• _EXERCISE BRIEF_: Please repeat all of the listing exactly.

[DATA FOR THE TASK — start]

(* Let $2\le N\le L-1$, let $x>0$, and let $r_1,\dots,r_{L-N},\ell_1,\dots,\ell_{L-N}$ be real parameters. Define $r,\ell:\{0,1,\dots,L-N\}^2\to\mathbb{R}$ (on pairs $(k,n)$ with $k+n\le L-N$) by $r(0,n)=\ell(0,n)=0$ for $n\ge 0$; $r(k,0)=r_k$, $\ell(k,0)=\ell_k$ for $k\ge 1$; $r(1,n)=x\,r_{n+1}$, $\ell(1,n)=x\,\ell_{n+1}$ for $n\ge1$; and for $k\ge 2$, $n\ge 1$, $$r(k,n)=x\,r_{n+k}+\sum_{j=n+1}^{n+k-1} r_j-\sum_{j=1}^{k-1} r_j,\qquad \ell(k,n)=x\,\ell_{n+k}+\sum_{j=n+1}^{n+k-1} \ell_j-\sum_{j=1}^{k-1} \ell_j .$$ Assume all these values are nonnegative. Consider the exclusion process on $\Omega_{L,N}$ in which, independently, particle $i$ jumps one site to the right at rate $r(h_i,h_{i-1})$ and one site to the left at rate $\ell(h_{i-1},h_i)$. Then the probability measure $$\hat\pi(\boldsymbol\eta)=\frac{1}{Z}\,x^{\sum_{j\in\mathbb{T}_L}\eta_j\eta_{j+1}},\qquad \boldsymbol\eta\in\Omega_{L,N},$$ with $Z$ the normalizing constant, is an invariant (stationary) measure of this process.
   Context: $\mathbb{T}_L=\mathbb{Z}/L\mathbb{Z}$ is the ring with $L$ sites. $\Omega_{L,N}$ is the set of configurations $\boldsymbol\eta=(\eta_j)_{j\in\mathbb{T}_L}\in\{0,1\}^{\mathbb{T}_L}$ with $\sum_j\eta_j=N$ ($\eta_j=1$ means site $j$ is occupied by a particle). Particles are labeled $1,\dots,N$ in cyclic (increasing) order, with positions $p_1,\dots,p_N$, labels taken mod $N$. The headway $h_i$ is the number of empty sites between particle $i$ and particle $i+1$ (so $h_i\ge0$ and $\sum_i h_i=L-N$); $h_{i-1}$ is the number of empty sites between particle $i-1$ and particle $i$. A right jump of particle $i$ moves it from $p_i$ to $p_i+1$ (possible only if $h_i\ge1$), a left jump moves it to $p_i-1$ (possible only if $h_{i-1}\ge1$); the process is the continuous-time Markov chain with these jumps. Note $\sum_j\eta_j\eta_{j+1}=\#\{i: h_i=0\}$. *)

From mathcomp Require Import all_boot all_order all_algebra.
Set Implicit Arguments. Unset Strict Implicit. Unset Printing Implicit Defensive.
Import Order.TTheory GRing.Theory Num.Theory.
Local Open Scope ring_scope.

(* Configurations: eta : {ffun 'I_L -> bool}, eta j = true iff site j occupied. *)
Definition config (L : nat) := {ffun 'I_L -> bool}.

Definition npart L (eta : config L) : nat := (\sum_(j < L) (eta j : nat))%N.

Definition Omega L N : {set config L} := [set eta | npart eta == N].

Definition shiftR L (j : 'I_L) (m : nat) : 'I_L := iter m (@ordS L) j.
Definition shiftL L (j : 'I_L) (m : nat) : 'I_L := iter m (@ord_pred L) j.

(* headway to the right of site p: number of consecutive empty sites p+1, p+2, ... *)
Definition hR L (eta : config L) (p : 'I_L) : nat :=
  (\sum_(1 <= k < L) [forall m : 'I_k, ~~ eta (shiftR p m.+1)] : nat)%N.
Definition hL L (eta : config L) (p : 'I_L) : nat :=
  (\sum_(1 <= k < L) [forall m : 'I_k, ~~ eta (shiftL p m.+1)] : nat)%N.

Definition nn L (eta : config L) : nat :=
  (\sum_(j < L) (eta j && eta (shiftR j 1)) : nat)%N.

Definition ratefun {R : nzRingType} (x : R) (rr : nat -> R) (k n : nat) : R :=
  if k == 0%N then 0
  else if n == 0%N then rr k
  else if k == 1%N then x * rr (n + 1)%N
  else x * rr (n + k)%N + \sum_(n.+1 <= j < n + k) rr j - \sum_(1 <= j < k) rr j.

[DATA FOR THE TASK — finish]

• _RESULT FOR THIS TASK_:
(* Let $2\le N\le L-1$, let $x>0$, and let $r_1,\dots,r_{L-N},\ell_1,\dots,\ell_{L-N}$ be real parameters. Define $r,\ell:\{0,1,\dots,L-N\}^2\to\mathbb{R}$ (on pairs $(k,n)$ with $k+n\le L-N$) by $r(0,n)=\ell(0,n)=0$ for $n\ge 0$; $r(k,0)=r_k$, $\ell(k,0)=\ell_k$ for $k\ge 1$; $r(1,n)=x\,r_{n+1}$, $\ell(1,n)=x\,\ell_{n+1}$ for $n\ge1$; and for $k\ge 2$, $n\ge 1$, $$r(k,n)=x\,r_{n+k}+\sum_{j=n+1}^{n+k-1} r_j-\sum_{j=1}^{k-1} r_j,\qquad \ell(k,n)=x\,\ell_{n+k}+\sum_{j=n+1}^{n+k-1} \ell_j-\sum_{j=1}^{k-1} \ell_j .$$ Assume all these values are nonnegative. Consider the exclusion process on $\Omega_{L,N}$ in which, independently, particle $i$ jumps one site to the right at rate $r(h_i,h_{i-1})$ and one site to the left at rate $\ell(h_{i-1},h_i)$. Then the probability measure $$\hat\pi(\boldsymbol\eta)=\frac{1}{Z}\,x^{\sum_{j\in\mathbb{T}_L}\eta_j\eta_{j+1}},\qquad \boldsymbol\eta\in\Omega_{L,N},$$ with $Z$ the normalizing constant, is an invariant (stationary) measure of this process.
   Context: $\mathbb{T}_L=\mathbb{Z}/L\mathbb{Z}$ is the ring with $L$ sites. $\Omega_{L,N}$ is the set of configurations $\boldsymbol\eta=(\eta_j)_{j\in\mathbb{T}_L}\in\{0,1\}^{\mathbb{T}_L}$ with $\sum_j\eta_j=N$ ($\eta_j=1$ means site $j$ is occupied by a particle). Particles are labeled $1,\dots,N$ in cyclic (increasing) order, with positions $p_1,\dots,p_N$, labels taken mod $N$. The headway $h_i$ is the number of empty sites between particle $i$ and particle $i+1$ (so $h_i\ge0$ and $\sum_i h_i=L-N$); $h_{i-1}$ is the number of empty sites between particle $i-1$ and particle $i$. A right jump of particle $i$ moves it from $p_i$ to $p_i+1$ (possible only if $h_i\ge1$), a left jump moves it to $p_i-1$ (possible only if $h_{i-1}\ge1$); the process is the continuous-time Markov chain with these jumps. Note $\sum_j\eta_j\eta_{j+1}=\#\{i: h_i=0\}$. *)

From mathcomp Require Import all_boot all_order all_algebra.
Set Implicit Arguments. Unset Strict Implicit. Unset Printing Implicit Defensive.
Import Order.TTheory GRing.Theory Num.Theory.
Local Open Scope ring_scope.

(* Configurations: eta : {ffun 'I_L -> bool}, eta j = true iff site j occupied. *)
Definition config (L : nat) := {ffun 'I_L -> bool}.

Definition npart L (eta : config L) : nat := (\sum_(j < L) (eta j : nat))%N.

Definition Omega L N : {set config L} := [set eta | npart eta == N].

Definition shiftR L (j : 'I_L) (m : nat) : 'I_L := iter m (@ordS L) j.
Definition shiftL L (j : 'I_L) (m : nat) : 'I_L := iter m (@ord_pred L) j.

(* headway to the right of site p: number of consecutive empty sites p+1, p+2, ... *)
Definition hR L (eta : config L) (p : 'I_L) : nat :=
  (\sum_(1 <= k < L) [forall m : 'I_k, ~~ eta (shiftR p m.+1)] : nat)%N.
Definition hL L (eta : config L) (p : 'I_L) : nat :=
  (\sum_(1 <= k < L) [forall m : 'I_k, ~~ eta (shiftL p m.+1)] : nat)%N.

Definition nn L (eta : config L) : nat :=
  (\sum_(j < L) (eta j && eta (shiftR j 1)) : nat)%N.

Definition ratefun {R : nzRingType} (x : R) (rr : nat -> R) (k n : nat) : R :=
  if k == 0%N then 0
  else if n == 0%N then rr k
  else if k == 1%N then x * rr (n + 1)%N
  else x * rr (n + k)%N + \sum_(n.+1 <= j < n + k) rr j - \sum_(1 <= j < k) rr j.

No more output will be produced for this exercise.